» DATA FOR REVIEW:
──────────
Lemma Copp_Copp : forall t, Copp (Copp t) = t.
Proof. intros; ring. Qed.

Lemma RtoC_add : forall a b, RtoC (a + b) = Cadd (RtoC a) (RtoC b).
Proof. intros; unfold RtoC; cxe; ring. Qed.

Lemma RtoC_1 : RtoC 1 = C1.
Proof. reflexivity. Qed.

(** * Finite sums and the Kronecker delta *)

Lemma csum_ext : forall m f g, (forall i, (i < m)%nat -> f i = g i) -> csum m f = csum m g.
Proof.
  induction m; intros f g H; simpl; [reflexivity|].
  rewrite (IHm f g) by (intros; apply H; lia). rewrite (H m) by lia. reflexivity.
Qed.

Lemma csum_add : forall m f g, csum m (fun i => Cadd (f i) (g i)) = Cadd (csum m f) (csum m g).
Proof. induction m; intros; simpl; [ring| rewrite IHm; ring]. Qed.

Lemma csum_sub : forall m f g, csum m (fun i => Csub (f i) (g i)) = Csub (csum m f) (csum m g).
Proof. induction m; intros; simpl; [ring| rewrite IHm; ring]. Qed.

Lemma csum_opp : forall m f, csum m (fun i => Copp (f i)) = Copp (csum m f).
Proof. induction m; intros; simpl; [ring| rewrite IHm; ring]. Qed.

Lemma csum_scal_l : forall m c f, csum m (fun i => Cmul c (f i)) = Cmul c (csum m f).
Proof. induction m; intros; simpl; [ring| rewrite IHm; ring]. Qed.

Lemma csum_scal_r : forall m c f, csum m (fun i => Cmul (f i) c) = Cmul (csum m f) c.
Proof. induction m; intros; simpl; [ring| rewrite IHm; ring]. Qed.

Lemma csum_zero : forall m, csum m (fun _ => C0) = C0.
Proof. induction m; simpl; [|rewrite IHm]; ring. Qed.

Lemma csum_zero' : forall m f, (forall i, (i < m)%nat -> f i = C0) -> csum m f = C0.
Proof. intros. rewrite (csum_ext m f (fun _ => C0)) by auto. apply csum_zero. Qed.

Lemma csum_swap : forall m p f,
  csum m (fun i => csum p (fun j => f i j)) = csum p (fun j => csum m (fun i => f i j)).
Proof.
  induction m; intros; simpl.
  - symmetry; apply csum_zero.
  - rewrite IHm. rewrite <- csum_add. reflexivity.
Qed.

Lemma csum_S_l : forall m f, csum (S m) f = Cadd (f O) (csum m (fun i => f (S i))).
Proof. induction m; intros; simpl in *; [ring|]. rewrite IHm. simpl. ring. Qed.

Lemma csum_plus : forall m p f, csum (m + p) f = Cadd (csum m f) (csum p (fun i => f (m + i)%nat)).
Proof.
  intros m p; revert m; induction p; intros; simpl.
  - rewrite Nat.add_0_r; ring.
  - rewrite Nat.add_succ_r; simpl. rewrite IHp. ring.
Qed.

Lemma csum_shift_zero : forall m p f, (forall a, (m <= a)%nat -> f a = C0) -> (m <= p)%nat ->
  csum p f = csum m f.
Proof.
  intros. replace p with (m + (p - m))%nat by lia. rewrite csum_plus.
  rewrite (csum_zero' (p - m)); [ring|]. intros; apply H; lia.
Qed.

Lemma csum_telescope : forall m f, csum m (fun a => Csub (f a) (f (S a))) = Csub (f O) (f m).
Proof. induction m; intros; simpl; [ring| rewrite IHm; ring]. Qed.

Lemma dlt_eq : forall i, dlt i i = C1.
Proof. intros; unfold dlt; rewrite Nat.eqb_refl; auto. Qed.
Lemma dlt_neq : forall i j, i <> j -> dlt i j = C0.
Proof. intros; unfold dlt; destruct (Nat.eqb_spec i j); [contradiction|auto]. Qed.
Lemma dlt_sym : forall i j, dlt i j = dlt j i.
Proof. intros; unfold dlt; rewrite Nat.eqb_sym; auto. Qed.

Lemma csum_delta : forall m i f, (i < m)%nat -> csum m (fun l => Cmul (dlt i l) (f l)) = f i.
Proof.
  induction m; intros; [lia|]. simpl.
  destruct (Nat.eq_dec i m).
  - subst. rewrite csum_zero'; [rewrite dlt_eq; ring|].
    intros; rewrite dlt_neq by lia; ring.
  - rewrite IHm by lia. rewrite dlt_neq by lia; ring.
Qed.

Lemma csum_delta_r : forall m i f, (i < m)%nat -> csum m (fun l => Cmul (f l) (dlt l i)) = f i.
Proof.
  intros. rewrite <- (csum_delta m i f) by auto. apply csum_ext; intros.
  rewrite dlt_sym; ring.
Qed.

Lemma csum_delta_mid : forall n (g : nat -> Cx) k c, (k < n)%nat ->
  csum n (fun j => Cmul (g j) (Cmul (dlt k j) c)) = Cmul (g k) c.
Proof.
  intros. rewrite (csum_ext n _ (fun j => Cmul (dlt k j) (Cmul (g j) c))) by (intros; ring).
  apply (csum_delta n k (fun j => Cmul (g j) c)); auto.
Qed.

Lemma clsum_app : forall {X} (l1 l2 : list X) f, clsum (l1 ++ l2) f = Cadd (clsum l1 f) (clsum l2 f).
Proof. induction l1; intros; simpl; [ring| rewrite IHl1; ring]. Qed.

Lemma clsum_map : forall {X Y} (g : X -> Y) l f, clsum (map g l) f = clsum l (fun x => f (g x)).
Proof. induction l; intros; simpl; [auto| rewrite IHl; auto]. Qed.

Lemma clsum_prod : forall {X Y} (l1 : list X) (l2 : list Y) f,
  clsum (list_prod l1 l2) f = clsum l1 (fun x => clsum l2 (fun y => f (x, y))).
Proof. induction l1; intros; simpl; [auto|]. rewrite clsum_app, clsum_map, IHl1. reflexivity. Qed.

Lemma clsum_seq : forall m f, clsum (seq 0 m) f = csum m f.
Proof. induction m; intros; [reflexivity|]. rewrite seq_S, clsum_app, IHm. simpl. ring. Qed.

(** * Matrices

   A matrix is a function of two indices of which only the block below [n] is
   meaningful, so equalities are stated up to [meq n] (agreement on that block),
   which is a congruence for all matrix operations. *)

Lemma meq_refl n : Reflexive (meq n).
Proof. intros A i j _ _; reflexivity. Qed.
Lemma meq_sym n : Symmetric (meq n).
Proof. intros A B H i j Hi Hj; symmetry; auto. Qed.
Lemma meq_trans n : Transitive (meq n).
Proof. intros A B C H1 H2 i j Hi Hj; rewrite H1; auto. Qed.
Add Parametric Relation (n : nat) : mat (meq n)
  reflexivity proved by (meq_refl n) symmetry proved by (meq_sym n)
  transitivity proved by (meq_trans n) as meq_rel.

Definition mzero : mat := fun _ _ => C0.
Definition mneg (A : mat) : mat := fun i j => Copp (A i j).
Definition msub (A B : mat) : mat := fun i j => Csub (A i j) (B i j).
Definition outer (w v : nat -> Cx) : mat := fun i j => Cmul (w i) (v j).
Definition msum (m : nat) (F : nat -> mat) : mat := fun i j => csum m (fun a => F a i j).

Add Parametric Morphism n : (mmul n) with signature meq n ==> meq n ==> meq n as mmul_mor.
Proof.
  intros A A' HA B B' HB i j Hi Hj. unfold mmul. apply csum_ext; intros.
  rewrite HA, HB; auto.
Qed.
Add Parametric Morphism n : (madd) with signature meq n ==> meq n ==> meq n as madd_mor.
Proof. intros A A' HA B B' HB i j Hi Hj. unfold madd. rewrite HA, HB; auto. Qed.
Add Parametric Morphism n c : (mscale c) with signature meq n ==> meq n as mscale_mor.
Proof. intros A A' HA i j Hi Hj. unfold mscale. rewrite HA; auto. Qed.
Add Parametric Morphism n : (mneg) with signature meq n ==> meq n as mneg_mor.
Proof. intros A A' HA i j Hi Hj. unfold mneg. rewrite HA; auto. Qed.
Add Parametric Morphism n : (msub) with signature meq n ==> meq n ==> meq n as msub_mor.
Proof. intros A A' HA B B' HB i j Hi Hj. unfold msub. rewrite HA, HB; auto. Qed.
Add Parametric Morphism n : (mpow n) with signature meq n ==> eq ==> meq n as mpow_mor.
Proof.
  intros A B H m. induction m; simpl; [reflexivity|].
  intros i j Hi Hj. unfold mmul. apply csum_ext; intros. rewrite H, IHm; auto.
Qed.
Add Parametric Morphism n : (mtr n) with signature meq n ==> eq as mtr_mor.
Proof. intros A B H. unfold mtr. apply csum_ext; intros. apply H; auto. Qed.

Lemma mmul_assoc : forall n A B C, mmul n (mmul n A B) C = mmul n A (mmul n B C).
Proof.
  intros. extensionality i; extensionality j. unfold mmul.
  transitivity (csum n (fun l => csum n (fun m => Cmul (Cmul (A i m) (B m l)) (C l j)))).
  { apply csum_ext; intros. rewrite csum_scal_r. reflexivity. }
  rewrite csum_swap. apply csum_ext; intros. rewrite <- csum_scal_l.
  apply csum_ext; intros. ring.
Qed.

Lemma mmul_id_l : forall n A, meq n (mmul n mId A) A.
Proof. intros n A i j Hi Hj. unfold mmul. apply (csum_delta n i (fun l => A l j) Hi). Qed.
Lemma mmul_id_r : forall n A, meq n (mmul n A mId) A.
Proof. intros n A i j Hi Hj. unfold mmul. exact (csum_delta_r n j (fun l => A i l) Hj). Qed.

Lemma mmul_madd_l : forall n A B C, mmul n (madd A B) C = madd (mmul n A C) (mmul n B C).
Proof. intros; extensionality i; extensionality j; unfold mmul, madd. rewrite <- csum_add. apply csum_ext; intros; ring. Qed.
Lemma mmul_madd_r : forall n A B C, mmul n A (madd B C) = madd (mmul n A B) (mmul n A C).
Proof. intros; extensionality i; extensionality j; unfold mmul, madd. rewrite <- csum_add. apply csum_ext; intros; ring. Qed.
Lemma mmul_mscale_l : forall n c A B, mmul n (mscale c A) B = mscale c (mmul n A B).
Proof. intros; extensionality i; extensionality j; unfold mmul, mscale. rewrite <- csum_scal_l. apply csum_ext; intros; ring. Qed.
Lemma mmul_mscale_r : forall n c A B, mmul n A (mscale c B) = mscale c (mmul n A B).
Proof. intros; extensionality i; extensionality j; unfold mmul, mscale. rewrite <- csum_scal_l. apply csum_ext; intros; ring. Qed.
Lemma mmul_mneg_r : forall n A B, mmul n A (mneg B) = mneg (mmul n A B).
Proof. intros; extensionality i; extensionality j; unfold mmul, mneg. rewrite <- csum_opp. apply csum_ext; intros; ring. Qed.
Lemma mmul_zero_l : forall n A, mmul n mzero A = mzero.
Proof. intros; extensionality i; extensionality j; unfold mmul, mzero. apply csum_zero'; intros; ring. Qed.
Lemma mmul_zero_r : forall n A, mmul n A mzero = mzero.
Proof. intros; extensionality i; extensionality j; unfold mmul, mzero. apply csum_zero'; intros; ring. Qed.
Lemma madd_zero_r : forall A, madd A mzero = A.
Proof. intros; extensionality i; extensionality j; unfold madd, mzero; ring. Qed.

Lemma mmul_sub_entry_l : forall n A B M i j,
  Csub (mmul n A M i j) (mmul n B M i j) = csum n (fun m => Cmul (Csub (A i m) (B i m)) (M m j)).
Proof. intros. unfold mmul. rewrite <- csum_sub. apply csum_ext; intros; ring. Qed.
Lemma mmul_sub_entry_r : forall n A B M i j,
  Csub (mmul n M A i j) (mmul n M B i j) = csum n (fun m => Cmul (M i m) (Csub (A m j) (B m j))).
Proof. intros. unfold mmul. rewrite <- csum_sub. apply csum_ext; intros; ring. Qed.

Lemma mpow_comm_gen : forall n A B m, meq n (mmul n B A) (mmul n A B) ->
  meq n (mmul n B (mpow n A m)) (mmul n (mpow n A m) B).
Proof.
  intros n A B m H. induction m; simpl.
  - rewrite mmul_id_l, mmul_id_r. reflexivity.
  - rewrite <- mmul_assoc. rewrite H. rewrite mmul_assoc. rewrite IHm. rewrite mmul_assoc. reflexivity.
Qed.

Lemma mpow_comm : forall n A m, meq n (mmul n A (mpow n A m)) (mmul n (mpow n A m) A).
Proof. intros. apply mpow_comm_gen. reflexivity. Qed.

Lemma mpow_S_r : forall n Q m, meq n (mpow n Q (S m)) (mmul n (mpow n Q m) Q).
Proof. intros. simpl. apply mpow_comm. Qed.

Lemma mpow_mscale : forall n s A m, mpow n (mscale s A) m = mscale (Cpow s m) (mpow n A m).
Proof.
  intros n s A m. induction m; simpl.
  - extensionality i; extensionality j; unfold mscale; simpl; ring.
  - rewrite IHm. rewrite mmul_mscale_l, mmul_mscale_r.
    extensionality i; extensionality j; unfold mscale; ring.
Qed.

Lemma mtr_comm : forall n A B, mtr n (mmul n A B) = mtr n (mmul n B A).
Proof. intros. unfold mtr, mmul. rewrite csum_swap. apply csum_ext; intros. apply csum_ext; intros. ring. Qed.

Lemma mtr_add : forall n A B, mtr n (madd A B) = Cadd (mtr n A) (mtr n B).
Proof. intros. unfold mtr, madd. apply csum_add. Qed.

Lemma mtr_zero : forall n, mtr n mzero = C0.
Proof. intros. unfold mtr, mzero. apply csum_zero. Qed.

Lemma mtr_cyc3 : forall n T Q O P Z,
  mtr n (mmul n T (mmul n (mmul n (mmul n Q O) P) Z)) = mtr n (mmul n O (mmul n (mmul n (mmul n P Z) T) Q)).
Proof. intros. rewrite mtr_comm. rewrite !mmul_assoc. rewrite mtr_comm. rewrite !mmul_assoc. reflexivity. Qed.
──────────
» WORK REQUEST: Report every line from the listing above where the string "signature" can be found.

» EXERCISE RESULT:
Add Parametric Morphism n : (mmul n) with signature meq n ==> meq n ==> meq n as mmul_mor.
Add Parametric Morphism n : (madd) with signature meq n ==> meq n ==> meq n as madd_mor.
Add Parametric Morphism n c : (mscale c) with signature meq n ==> meq n as mscale_mor.
Add Parametric Morphism n : (mneg) with signature meq n ==> meq n as mneg_mor.
Add Parametric Morphism n : (msub) with signature meq n ==> meq n ==> meq n as msub_mor.
Add Parametric Morphism n : (mpow n) with signature meq n ==> eq ==> meq n as mpow_mor.
Add Parametric Morphism n : (mtr n) with signature meq n ==> eq as mtr_mor.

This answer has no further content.